In 1931, faced with rising anarchist-led demands for free speech and an amnesty
for political “crimes”, the right-wing regime was ousted by a “People’s Bloc”
coalition of BZS agrarians, liberals and radicals. Before the election, in
Bulgaria’s first May Day celebration, the police attacked an anarchist student
BOSF meeting and arrested eleven students. The BOSF demanded an end to clerical
control of education and military recruitment on campus, demanding that “the
priests and sergeants major be expelled from schools and universities and taxes
abolished.” The end of the regime saw a huge upsurge of anarchist organising and
publishing so that the anarchist movement could be counted as the third largest
force on the left, after the BZS then the BKP. In that year, according to one
study, there were some 40 anarcho-syndicalist groups under the
Anarcho-Syndicalist National Confederation of Labour (ASNCL), while the
Bulgarian Federation of Autonomous Unions (BFAU) became the Bulgarian IWA
section.7 In 1932, the FAKB held a clandestine national congress in the forest
near Lovech which was chaired by Grigoriev which aimed at re-uniting the
movement: Rabotnicheska Misl was re-established as the mouthpiece of the
federation. Despite the leftist nature of the “People’s Bloc”, the anarchist
movement was still persecuted: shootings, arrests and imprisonment were common.
The 1934 Fascist Coup & its Aftermath
In 1934, fascist Zveno leaders Colonel Kimon Georgiev and Colonel Damyan Velchev
staged a coup and established an authoritarian regime with Georgiev as prime
minister, outlawing all political parties, corporatising the trade unions like
the ANSCL, BFAU and Vlassovden Confederation – from which the latter never
recovered – and waging war on the FAKB and BKP. Also in 1934, the rightist VMRO
assassinated King Alexander of Yugoslavia and French Foreign Minister Louis
Bartou in Marseilles in collaboration with the Croatian fascist Ustaše. The
international outrage the assassination provoked forced the Zveno regime to
suppress the VMRO. The regime also banned anarchist papers such as Svobodno
Obshtestvo – but it reappeared as a monthly entitled New World edited by Petar
Lozanov, while the paper Compass managed to remain in circulation.
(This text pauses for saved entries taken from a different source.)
Lemma after_alpha_tstar k : 0 <= t_o -> t_o < t_e -> t_e <= Ttot p ->
  t_o <= talpha <= t_e - p alpha -> ~ inB p w alpha talpha ->
  k \in J' -> k != alpha ->
  talpha < cc p w J' t_o alpha q.+1 -> (q < MM p w J' t_o alpha k)%N ->
  phi k t_o <= phi alpha t_o ->
  (phi k t_o = phi alpha t_o -> phi k t_e <= phi alpha t_e) ->
  slope alpha k < 0 -> talpha < tstar alpha k.
Proof.
move=> hto0 hte hteT /andP[hta1 hta2] hB hk hka hcq hM hle htie hs.
have hd : tdef p w alpha k by rewrite tdef_slope ltr0_neq0.
have hto := tie_break_tstar hto0 hte hs hle htie.
have := p_gt0 k; have := p_gt0 alpha => hpa hpk.
rewrite ltNge; apply/negP => hts.
have [hc | hc] := ltP talpha (tstar alpha k + p k).
- apply: hB; exists k; split => //.
  + rewrite phi_lt_gap // gap_tstar ?ltr0_neq0 // sub0r nmulr_rgt0 //.
    by rewrite oppr_lt0; lra.
  + by apply/andP; split; lra.
  + by apply/andP; split.
have hts_e : t_o < tstar alpha k < t_e by apply/andP; split; lra.
have hc_e : t_o < cA p w alpha k < t_e by rewrite /cA; apply/andP; split; lra.
by have := MM_gt_cc hk hka hd hts_e hc_e hM; rewrite /cA; lra.
Qed.

Lemma after_alpha_gap k : 0 <= t_o -> t_o < t_e -> t_e <= Ttot p ->
  t_o <= talpha <= t_e - p alpha -> ~ inB p w alpha talpha ->
  k \in J' -> k != alpha ->
  talpha < cc p w J' t_o alpha q.+1 -> (q < MM p w J' t_o alpha k)%N ->
  phi k t_o <= phi alpha t_o ->
  (phi k t_o = phi alpha t_o -> phi k t_e <= phi alpha t_e) ->
  (forall t, t_o <= t <= talpha -> 0 <= gap alpha k t) /\
  (slope alpha k < 0 -> 0 < gap alpha k talpha).
Proof.
move=> hto0 hte hteT hta hB hk hka hcq hM hle htie.
have hpos t : t <= talpha -> slope alpha k < 0 -> 0 < gap alpha k t.
  move=> ht hs.
  have := after_alpha_tstar hto0 hte hteT hta hB hk hka hcq hM hle htie hs.
  by rewrite gap_tstar ?ltr0_neq0 // nmulr_rgt0 // subr_lt0; lra.
split=> [t /andP[ht1 ht2] | ]; last exact: hpos.
have [hs | hs] := ltP (slope alpha k) 0; first exact/ltW/hpos.
rewrite phi_le_gap // in hle; rewrite (gap_affine _ _ _ _ t_o).
have : 0 <= slope alpha k * (t - t_o) by rewrite mulr_ge0 // subr_ge0.
lra.
Qed.

End AroundAlpha.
A
counter-coup in 1935 backed by the tsar saw Georgiev ousted and monarchist Zveno
leader General Zlato Panchev installed, soon to be replaced by a civilian
monarchist dictatorship. But the anarchist, communist and agrarian movements
still had to operate underground – with the remnants of its press banned – while
the pro-communist VMRO United collapsed in 1936.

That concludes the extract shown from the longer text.